Greeland is just following natural variability that governs the North Hemisphere’s temperature trends. Since the ~60 year AMO periodicity characteristic for the NH is at its peak the next 30 years will lead to some cooling but the exetent of it depends on if and when the next solar grand minimum occus. In this link
http://www.vukcevic.co.uk/NH-GM.htm
I looked at possible alternatives:
– If the grand minimum doesn’t start during next 4-5 cycles than cooling will be minimal, about 0.2- 0.3 degrees (faint blue line)
– Since grand minima tend to last (intriguingly?) around 60 years, if a GM is about to start with SC25 then it’s greatest effect might coincide with the AMO just lifting of the floor with total fall of about 0.7- 0.8, since the cumulative solar GM cooling is about 0.5C (dark green line).
However there is an elephant in the room, nothing to do with the CO2, in form of a undercurrent periodicity which is due to peak in about 60 to 70 years, by that time the AMO will be hitting next peak and any pending solar GM may well be over, resulting in the temperature rise of about 0.5C on the current level. It could be expected that it gets up to about 1.5C on preindustrial levels. From there on is all way down hill. Our grand or great grandchildren will be told that the CO2 restrictions were fully justified.

hunter
Reply to  vukcevic
December 7, 2018 1:29 pm

The CO2 obsession/social mania will be in the waste bin alongside eugenics i less than 50 years.

Sara
December 7, 2018 12:08 pm

We’re in a warm phase. The last climate phase was cold. They occur constantly and are part of normal cycles of warm and cold climate. We have ZERO control over them. They will occur with or without our existence.

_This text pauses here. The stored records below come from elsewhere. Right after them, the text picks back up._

(* For every finite word $\bar\alpha\in\{0,1\}^k$, $k\in\mathbb N$, the sets $F_{\bar\alpha}=T_{\bar\alpha}(I)$ and $\mathcal K_{\bar\alpha}$ are connected.
   Context: Let $I=[0,1]^3$. Let $\mathcal D_0=\{(i,2,2),(2,i,2),(2,2,i): i=0,1,2,3,4\}$ and $\mathcal D_1=\{d\in\{0,\ldots,4\}^3:\ \text{at least two coordinates of } d \text{ lie in }\{0,4\}\}$. For $i=0,1$ let $T_i(A)=\bigcup_{d\in\mathcal D_i}\frac{d+A}{5}$ for $A\subset\mathbb R^3$, and for $\bar\alpha=\alpha_1\cdots\alpha_k$ let $T_{\bar\alpha}=T_{\alpha_1}\circ\cdots\circ T_{\alpha_k}$. $\mathcal K_{\bar\alpha}$ is the unique non-empty compact set with $\mathcal K_{\bar\alpha}=T_{\bar\alpha}(\mathcal K_{\bar\alpha})$ (the attractor of the iterated function system whose Hutchinson operator is $T_{\bar\alpha}$). *)

From HB Require Import structures.
From mathcomp Require Import all_boot all_order all_algebra.
From mathcomp Require Import all_classical all_reals all_analysis.
Set Implicit Arguments. Unset Strict Implicit. Unset Printing Implicit Defensive.
Import Order.TTheory GRing.Theory Num.Theory.
Import numFieldNormedType.Exports.
Local Open Scope classical_set_scope.
Local Open Scope ring_scope.

Definition cube (R : realType) : set 'rV[R]_3 :=
  [set x | forall j : 'I_3, 0 <= x ord0 j <= 1].

Definition digit := (nat * nat * nat)%type.

Definition dvec (R : realType) (d : digit) : 'rV[R]_3 :=
  \row_(j < 3) (match val j with
                | 0 => d.1.1 | 1 => d.1.2 | _ => d.2 end)%:R.

Definition D0 (d : digit) : Prop :=
  let: (a, b, c) := d in
  [\/ (a <= 4 /\ b = 2 /\ c = 2), (a = 2 /\ b <= 4 /\ c = 2)
    | (a = 2 /\ b = 2 /\ c <= 4)]%N.

Definition edge (x : nat) : bool := (x == 0)%N || (x == 4)%N.

Definition D1 (d : digit) : Prop :=
  let: (a, b, c) := d in
  [/\ (a <= 4)%N, (b <= 4)%N, (c <= 4)%N &
      [|| edge a && edge b, edge a && edge c | edge b && edge c]].

(* Letter false encodes 0, true encodes 1. *)
Definition Dig (b : bool) : digit -> Prop := if b then D1 else D0.

Definition T (R : realType) (b : bool) (A : set 'rV[R]_3) : set 'rV[R]_3 :=
  [set y | exists d, Dig b d /\ exists2 a, A a & y = 5^-1 *: (dvec R d + a)].

Definition Tw (R : realType) (w : seq bool) (A : set 'rV[R]_3) : set 'rV[R]_3 :=
  foldr (@T R) A w.

Arguments cube R : clear implicits.
Arguments dvec R d : clear implicits.

From HB Require Import structures.
From mathcomp Require Import all_boot all_order all_algebra.
From mathcomp Require Import all_classical all_reals all_analysis.
From mathcomp Require Import ring lra.
Import Order.TTheory GRing.Theory Num.Theory.
Import numFieldNormedType.Exports.
Local Open Scope classical_set_scope.
Local Open Scope ring_scope.
Set Implicit Arguments. Unset Strict Implicit. Unset Printing Implicit Defensive.

(* By induction on the word, F_w is connected and contains, for every
   coordinate direction e_j, two points a and a + e_j.  This invariant passes
   from A to T_i(A): the pieces (d + A)/5 and (d + e_j + A)/5 meet at
   (d + e_j + a)/5, the digit sets D_0 and D_1 are connected for this
   adjacency, and a pair of digits d, d + 4 e_j in D_i yields the points
   (d + a)/5 and (d + 4 e_j + a + e_j)/5 = (d + a)/5 + e_j of T_i(A).
   For an attractor K = T_w(K), n further applications of T_w move K and the
   cube to within 5^(-n |w|) times a constant of each other, so K is a
   Hausdorff limit of the connected sets T_w^n(I); a compact set split into
   two parts at positive distance eps cannot be such a limit, since an
   eps/4-approximation would be split as well. *)

Definition chain_connected (I : Type) (D : set I) (r : I -> I -> Prop) (i0 : I) : Prop :=
  forall P : I -> Prop, P i0 ->
    (forall i j, D i -> D j -> r i j -> P i -> P j) -> forall i, D i -> P i.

What is the REAL problem here? Fear of lack of control of something we can’t control anyway?

December 7, 2018 12:10 pm

“Greenland Is Melting Faster Than Ever”
Sarah Das said that

“No it’s not”
I said that

Wiliam Haas
December 7, 2018 12:12 pm

What is happening is all natural and has nothing to do with mankind. For example the previous inter glacial period, the Eemian, was warmer than this one with more ice cap melting and higher sea levels yet CO2 levels were lower than today. The cause of the climate change we are experiencing today is the sun and the oceans over which mankind has no control. The current modern warm period is not much different than the previous Medieval warm period. More melting should be taking place during the Modern Warm Period when compared to the Little Ice Age. We need not worry because the next ice age will cause ice sheets to build up and sea levels will drop however it may be thousands of years before that really begins to happen. We need to enjoy the current inter glacial period as long as it lasts.